The poll was conducted by the University of Central America. Roughly 75 percent of the survey participants said they have not used any cryptocurrency throughout 2022. A total of 77 percent of the participants flat out said that they don’t feel implementing bitcoin as legal tender was a worthwhile idea. They say they were perfectly fine just using USD.

It’s a shame when one really considers these results. El Salvador likely had the most noble of intentions: to give its people full financial independence, and what better way to do that than through bitcoin? Up to that point, the country had long depended on the U.S. dollar to stay afloat, and it sought to give itself some leeway in what it could do from a monetary perspective.
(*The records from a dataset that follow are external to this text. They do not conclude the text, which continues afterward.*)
(* For every $n\geq1$, $Z_{\mathbb{A}_n}$ is the disjoint union of (an open subvariety isomorphic to) $Y_{\mathbb{A}_n}$ and (a closed subvariety isomorphic to) $Y_{\mathbb{A}_{n-1}}$. The number of points of $Z_{\mathbb{A}_n}$ over $\mathbb{F}_q$ is $q^{n+1}$.
   Context: For $n\ge1$, $Z_{\mathbb{A}_n}$ is the affine variety in variables $(\alpha,x_1,\dots,x_n,x'_1,\dots,x'_n)$ ($\alpha$ arbitrary) defined by $x_1x'_1=1+\alpha x_2$, $x_ix'_i=1+x_{i-1}x_{i+1}$ for $2\le i\le n-1$, $x_nx'_n=1+x_{n-1}$ (for $n=1$: $x_1x'_1=1+\alpha$). $Y_{\mathbb{A}_n}$ is the open subvariety where $\alpha\neq0$ (the union of the fibers $X_n(\alpha)$ over invertible $\alpha$); by convention $Y_{\mathbb{A}_0}=\mathbb{A}^1\setminus\{0\}$. *)

From HB Require Import structures.
From mathcomp Require Import all_boot all_order all_algebra all_field.
Set Implicit Arguments. Unset Strict Implicit. Unset Printing Implicit Defensive.
Import GRing.Theory.
Local Open Scope ring_scope.

(* A point (alpha, x, x') with x = (x_1,...,x_n), x' = (x'_1,...,x'_n):
   x i (i : 'I_n, 0-based) stands for x_{i+1}. *)
Definition pt (n : nat) (R : Type) : Type :=
  (R * {ffun 'I_n -> R} * {ffun 'I_n -> R})%type.

Definition alpha_of n R (p : pt n R) : R := p.1.1.
Definition x_of n R (p : pt n R) : {ffun 'I_n -> R} := p.1.2.
Definition x'_of n R (p : pt n R) : {ffun 'I_n -> R} := p.2.

(* Padded coordinates: xc k = x_k for 1 <= k <= n, xc 0 = alpha,
   xc (n+1) = 1 (and 1 beyond). *)
Definition xc (R : nzRingType) n (a : R) (x : {ffun 'I_n -> R}) (k : nat) : R :=
  if k == 0%N then a
  else match (insub k.-1 : option 'I_n) with Some i => x i | None => 1 end.

(* Equations of Z_{A_n}:
   x_1 x'_1 = 1 + alpha x_2, x_i x'_i = 1 + x_{i-1} x_{i+1} (2 <= i <= n-1),
   x_n x'_n = 1 + x_{n-1}  (for n = 1: x_1 x'_1 = 1 + alpha);
   uniformly: x_i x'_i = 1 + xc (i-1) * xc (i+1) for 1 <= i <= n. *)
Definition inZ (R : nzRingType) n (p : pt n R) : bool :=
  [forall i : 'I_n,
     x_of p i * x'_of p i ==
       1 + xc (alpha_of p) (x_of p) i * xc (alpha_of p) (x_of p) i.+2].

(* Y_{A_n}: the open subvariety alpha invertible.
   For n = 0 there are no x-coordinates and no equations, so Y_{A_0}
   is A^1 \ {0}, matching the convention of the paper. *)
Definition inY (R : unitRingType) n (p : pt n R) : bool :=
  inZ p && (alpha_of p \is a GRing.unit).

Definition inC (R : nzRingType) n (p : pt n R) : bool :=
  inZ p && (alpha_of p == 0).

Definition map_pt (R S : nzRingType) (phi : {rmorphism R -> S}) n (p : pt n R)
  : pt n S :=
  (phi (alpha_of p), [ffun i => phi (x_of p i)], [ffun i => phi (x'_of p i)]).

(* A natural isomorphism (of functors of points on commutative rings,
   i.e. an isomorphism of affine schemes over Z) between the subfunctor
   P of pt m and the subfunctor Q of pt k. *)
Definition nat_iso (m k : nat)
  (P : forall R : comUnitRingType, pt m R -> bool)
  (Q : forall R : comUnitRingType, pt k R -> bool) : Prop :=
  exists (f : forall R : comUnitRingType, pt m R -> pt k R)
         (g : forall R : comUnitRingType, pt k R -> pt m R),
    (forall (R : comUnitRingType) (p : pt m R),
        P R p -> Q R (f R p) /\ g R (f R p) = p) /\
    (forall (R : comUnitRingType) (q : pt k R),
        Q R q -> P R (g R q) /\ f R (g R q) = q) /\
    (forall (R S : comUnitRingType) (phi : {rmorphism R -> S}) (p : pt m R),
        P R p -> f S (map_pt phi p) = map_pt phi (f R p)) /\
    (forall (R S : comUnitRingType) (phi : {rmorphism R -> S}) (q : pt k R),
        Q R q -> g S (map_pt phi q) = map_pt phi (g R q)).

From HB Require Import structures.
From mathcomp Require Import all_boot all_order all_algebra all_field.
Import GRing.Theory.
Local Open Scope ring_scope.

Set Implicit Arguments. Unset Strict Implicit.

(** Peeling off the first coordinate: a point [(alpha, x, x')] of [Z_{A_(n+1)}]
    is a point [(x_1, (x_2,...), (x'_2,...))] of [Z_{A_n}] together with the
    pair [(alpha, x'_1)], which only has to satisfy the single equation
    [x_1 x'_1 = 1 + alpha x_2].  Over a field that equation is linear in
    [(alpha, x'_1)] with coefficients [(x_1, x_2)] that cannot both vanish on
    [Z_{A_n}], so each fibre is an affine line and [#Z_{A_n}(F_q) = q^(n+1)] by
    induction.  On [alpha = 0] the equation reads [x_1 x'_1 = 1], so [x'_1] is
    determined and [x_1] must be invertible: this is the isomorphism of the
    closed part with [Y_{A_(n-1)}]. *)

Definition cons_pt (R : Type) n (a y : R) (r : pt n R) : pt n.+1 R :=
  (a, [ffun i => if unlift ord0 i is Some j then x_of r j else alpha_of r],
      [ffun i => if unlift ord0 i is Some j then x'_of r j else y]).

Definition behead_pt (R : Type) n (p : pt n.+1 R) : pt n R :=
  (x_of p ord0, [ffun j => x_of p (lift ord0 j)], [ffun j => x'_of p (lift ord0 j)]).

Section ConsPt.

Variables (R : Type) (n : nat).

Lemma cons_ptK (a y : R) : cancel (@cons_pt R n a y) (@behead_pt R n).
Proof.
case=> [[b x] x']; rewrite /behead_pt /cons_pt /x_of /x'_of /alpha_of /= ffunE.
by rewrite unlift_none; congr (_, _, _); apply/ffunP => j; rewrite !ffunE liftK.
Qed.

Lemma behead_ptK (p : pt n.+1 R) :
  cons_pt (alpha_of p) (x'_of p ord0) (behead_pt p) = p.
Proof.
case: p => [[b x] x']; rewrite /behead_pt /cons_pt /x_of /x'_of /alpha_of /=.
by congr (_, _, _); apply/ffunP => i; rewrite !ffunE;
  case: unliftP => [j ->|->]; rewrite ?ffunE.
Qed.

Variables (a y : R) (r : pt n R).

Lemma x_cons_pt0 : x_of (cons_pt a y r) ord0 = alpha_of r.
Proof. by rewrite /= ffunE unlift_none. Qed.

Lemma x_cons_ptS j : x_of (cons_pt a y r) (lift ord0 j) = x_of r j.
Proof. by rewrite /= ffunE liftK. Qed.

Lemma x'_cons_pt0 : x'_of (cons_pt a y r) ord0 = y.
Proof. by rewrite /= ffunE unlift_none. Qed.

Lemma x'_cons_ptS j : x'_of (cons_pt a y r) (lift ord0 j) = x'_of r j.
Proof. by rewrite /= ffunE liftK. Qed.

End ConsPt.

Lemma xc_ord (R : nzRingType) n (a : R) (x : {ffun 'I_n -> R}) (i : 'I_n) :
  xc a x i.+1 = x i.
Proof. by rewrite /xc /= valK. Qed.

Lemma xc_gt (R : nzRingType) n (a : R) (x : {ffun 'I_n -> R}) k :
  (n < k)%N -> xc a x k = 1.
Proof. by case: k => // k Hk; rewrite /xc /= insubF // ltnNge -ltnS Hk. Qed.

Lemma xc_cons_ptS (R : nzRingType) n (a y : R) (r : pt n R) k :
  xc a (x_of (cons_pt a y r)) k.+1 = xc (alpha_of r) (x_of r) k.
Proof.
case: k => [|k]; first by rewrite (xc_ord _ _ ord0) x_cons_pt0.
have [lt_kn|le_nk] := ltnP k n; last by rewrite !xc_gt.
have -> : k.+2 = (lift ord0 (Ordinal lt_kn)).+1 by rewrite lift0.
by rewrite xc_ord x_cons_ptS (xc_ord _ _ (Ordinal lt_kn)).
Qed.

Definition first_eqn (R : nzRingType) n (a y : R) (r : pt n R) : bool :=
  alpha_of r * y == 1 + a * xc (alpha_of r) (x_of r) 1.

Lemma inZ_cons_pt (R : nzRingType) n (a y : R) (r : pt n R) :
  inZ (cons_pt a y r) = first_eqn a y r && inZ r.
Proof.
apply/forallP/andP => [Zp|[eq1 /forallP Zr] i].
  split; first by have := Zp ord0; rewrite x_cons_pt0 x'_cons_pt0 xc_cons_ptS.
  apply/forallP => j; have := Zp (lift ord0 j).
  by rewrite lift0 x_cons_ptS x'_cons_ptS !xc_cons_ptS.
case: (unliftP ord0 i) => [j ->|->]; last first.
  by rewrite x_cons_pt0 x'_cons_pt0 xc_cons_ptS.
by rewrite lift0 x_cons_ptS x'_cons_ptS !xc_cons_ptS; apply: Zr.
Qed.

(** On [Z_{A_n}], [alpha = x_1 = 0] would turn the first equation into [0 = 1]. *)
Lemma inZ_alpha_xc1_neq0 (R : nzRingType) n (r : pt n R) :
  inZ r -> (alpha_of r != 0) || (xc (alpha_of r) (x_of r) 1 != 0).
Proof.
case: n r => [|n] r Zr; first by rewrite xc_gt // oner_neq0 orbT.
have := forallP Zr ord0; rewrite (xc_ord _ _ ord0) /= => eq1.
rewrite -negb_and; apply/negP => /andP[/eqP a0 /eqP x0].
by move: eq1; rewrite x0 a0 !mul0r addr0 eq_sym oner_eq0.
Qed.

Lemma card_pair_sum (A B : finType) (P : A -> B -> bool) :
  #|[set u : A * B | P u.1 u.2]| = (\sum_(b : B) #|[set a | P a b]|)%N.
Proof.
rewrite -sum1_card big_mkcond /=.
rewrite (eq_bigr (fun u : A * B => if P u.1 u.2 then 1 else 0)%N) => [|u _]; last first.
  by rewrite inE.
rewrite -(pair_big xpredT xpredT (fun a b => if P a b then 1 else 0)%N) exchange_big.
apply: eq_bigr => b _; rewrite -sum1_card [RHS]big_mkcond /=.
by apply: eq_bigr => a _; rewrite !inE.
Qed.

Lemma card_affine_line (F : finFieldType) (b c : F) : (b != 0) || (c != 0) ->
  #|[set u : F * F | b * u.2 == 1 + u.1 * c]| = #|F|.
Proof.
have [-> /= c_neq0|b_neq0 _] := eqVneq b 0.
  have -> : [set u : F * F | 0 * u.2 == 1 + u.1 * c] = [set (- c^-1, y) | y : F].
    apply/setP => -[a y]; rewrite inE /= mul0r.
    apply/eqP/imsetP => [/esym/eqP|[y' _ [-> _]]]; last by rewrite mulNr mulVf ?subrr.
    rewrite addr_eq0 => /eqP ac; exists y => //; congr (_, _).
    by apply: (mulIf c_neq0); rewrite mulNr mulVf // ac opprK.
  by rewrite card_imset ?cardsT // => y1 y2 [].
have -> : [set u : F * F | b * u.2 == 1 + u.1 * c] =
          [set (a, (1 + a * c) / b) | a : F].
  apply/setP => -[a y]; rewrite inE /=; apply/eqP/imsetP => [eq_by|[a' _ [-> ->]]].
    by exists a; rewrite // -eq_by mulrC mulKf.
  by rewrite mulrC divfK.
by rewrite card_imset ?cardsT // => a1 a2 [].
Qed.

Lemma card_inZS (F : finFieldType) n :
  #|[set p : pt n.+1 F | inZ p]| = (#|F| * #|[set r : pt n F | inZ r]|)%N.
Proof.
pose cons (u : F * F * pt n F) := cons_pt u.1.1 u.1.2 u.2.
pose uncons (p : pt n.+1 F) := ((alpha_of p, x'_of p ord0), behead_pt p).
have consK : cancel cons uncons.
  by move=> [[a y] r]; rewrite /uncons /cons /= cons_ptK x'_cons_pt0.
have unconsK : cancel uncons cons by move=> p; apply: behead_ptK.
have -> : [set p : pt n.+1 F | inZ p] = cons @: [set u | inZ (cons u)].
  apply/setP => p; rewrite inE; apply/idP/imsetP => [Zp|[u + ->]]; last by rewrite inE.
  by exists (uncons p); rewrite ?inE unconsK.
rewrite card_imset; last exact: can_inj consK.
rewrite (card_pair_sum (fun u r => inZ (cons (u, r)))).
rewrite (eq_bigr (fun r => if inZ r then #|F| else 0%N)) => [|r _].
  by rewrite -big_mkcond sum_nat_const mulnC cardsE.
rewrite /cons /=; under eq_finset do rewrite inZ_cons_pt.
have [Zr|_] := boolP (inZ r); last first.
  by under eq_finset do rewrite andbF; rewrite cards0.
rewrite -(card_affine_line (inZ_alpha_xc1_neq0 Zr)).
by apply: eq_card => u; rewrite !inE andbT.
Qed.

Lemma card_inZ (F : finFieldType) n :
  #|[set p : pt n F | inZ p]| = (#|F| ^ n.+1)%N.
Proof.
elim: n => [|n IH]; last by rewrite card_inZS IH -expnS.
have -> : [set p : pt 0 F | inZ p] = setT.
  by apply/setP => p; rewrite !inE; apply/forallP => -[].
by rewrite cardsT !card_prod !card_ffun card_ord expn0 expn1 !muln1.
Qed.

Lemma inZ_split_alpha (K : fieldType) n (p : pt n K) :
  inZ p = inY p || inC p /\ ~~ (inY p && inC p).
Proof. by rewrite /inY /inC unitfE; case: (inZ p); case: eqP. Qed.

Lemma behead_pt_map (R S : nzRingType) (phi : {rmorphism R -> S}) n (p : pt n.+1 R) :
  behead_pt (map_pt phi p) = map_pt phi (behead_pt p).
Proof.
rewrite /behead_pt /map_pt /x_of /x'_of /alpha_of /= ffunE.
by congr (_, _, _); apply/ffunP => j; rewrite !ffunE.
Qed.

Lemma cons_pt_map (R S : nzRingType) (phi : {rmorphism R -> S}) n (a y : R)
    (r : pt n R) :
  cons_pt (phi a) (phi y) (map_pt phi r) = map_pt phi (cons_pt a y r).
Proof.
rewrite /cons_pt /map_pt /x_of /x'_of /alpha_of /=.
by congr (_, _, _); apply/ffunP => i; rewrite !ffunE; case: unliftP => *; rewrite ?ffunE.
Qed.

Lemma inC_cons_pt (R : nzRingType) n (y : R) (r : pt n R) :
  inC (cons_pt 0 y r) = (alpha_of r * y == 1) && inZ r.
Proof. by rewrite /inC inZ_cons_pt /first_eqn mul0r addr0 eqxx andbT. Qed.

Lemma nat_iso_inC_inY n :
  nat_iso (fun R (p : pt n.+1 R) => inC p) (fun R (q : pt n R) => inY q).
Proof.
exists (fun R p => behead_pt p), (fun R q => cons_pt 0 (alpha_of q)^-1 q).
split; [|split; [|split]].
- move=> R p Cp; have /eqP a0 : alpha_of p == 0 by case/andP: Cp.
  move: Cp; rewrite -{1}(behead_ptK p) a0 inC_cons_pt.
  set x1 := alpha_of (behead_pt p) => /andP[/eqP x1y Zr].
  have x1_unit : x1 \is a GRing.unit.
    by apply/unitrP; exists (x'_of p ord0); rewrite mulrC x1y.
  split; first by rewrite /inY Zr.
  rewrite -[RHS]behead_ptK a0; congr cons_pt.
  by rewrite -[x'_of p ord0](mulKr x1_unit) x1y mulr1.
- move=> R q /andP[Zq q_unit].
  by rewrite cons_ptK inC_cons_pt mulrV // eqxx Zq.
- by move=> R S phi p _; apply: behead_pt_map.
- move=> R S phi q /andP[_ q_unit].
  by rewrite -cons_pt_map rmorph0 (rmorphV _ q_unit).
Qed.

Theorem mainTheorem8 (n : nat) (hn : (1 <= n)%N) :
  (forall (K : fieldType) (p : pt n K),
      inZ p = inY p || inC p /\ ~~ (inY p && inC p)) /\
  nat_iso (fun R (p : pt n R) => inC p) (fun R (q : pt n.-1 R) => inY q) /\
  (forall F : finFieldType,
      #|[set p : pt n F | inZ p]| = (#|F| ^ n.+1)%N).
Proof.
case: n hn => // n _.
split; first by move=> K p; apply: inZ_split_alpha.
split; first exact: nat_iso_inC_inY.
by move=> F; apply: card_inZ.
Qed.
Unfortunately, the idea of bitcoin implementation is often easier said than done, and El Salvador is learning that lesson now. The country experienced some rather droll beginnings when it was told by the World Bank that it would receive no aid in the department of its bitcoin plans. The organization claimed bitcoin was too volatile and speculative to be taken seriously, and thus it didn’t see the benefit in establishing bitcoin as a legal form of money that people could use to pay for goods and services.

In addition, there were many problems surrounding the public, as citizens began rioting in the streets of San Salvador (the nation’s capital city) as a way of protesting what they felt was forced usage. They claimed bitcoin was too tied to illicit behavior and fraudulent activity, and thus they were worried about the implications of bitcoin and what it could do to their native land.

Lastly, the Chivo wallet system – which was created to give residents access to bitcoin – experienced several technical issues and for a while, prevented owners from gaining access to the funds that had been provided to them. El Salvador sought to travel through the bitcoin tunnel unscathed, but it appears to have come out on the other side covered in muck and grime.

Things Can Always Turn Around

However, we know by now that the worlds of blockchain and bitcoin can be very unpredictable. Just last year, the world’s number one digital currency by market cap was trading at a whopping $68,000 per unit. While it has lost more than 70 percent of its value at the time of writing, there’s no reason to assume that the currency cannot return to form and hit the highs it did roughly 12 months ago once again.

Perhaps once bitcoin repairs itself El Salvador’s citizens will begin warming up to the asset.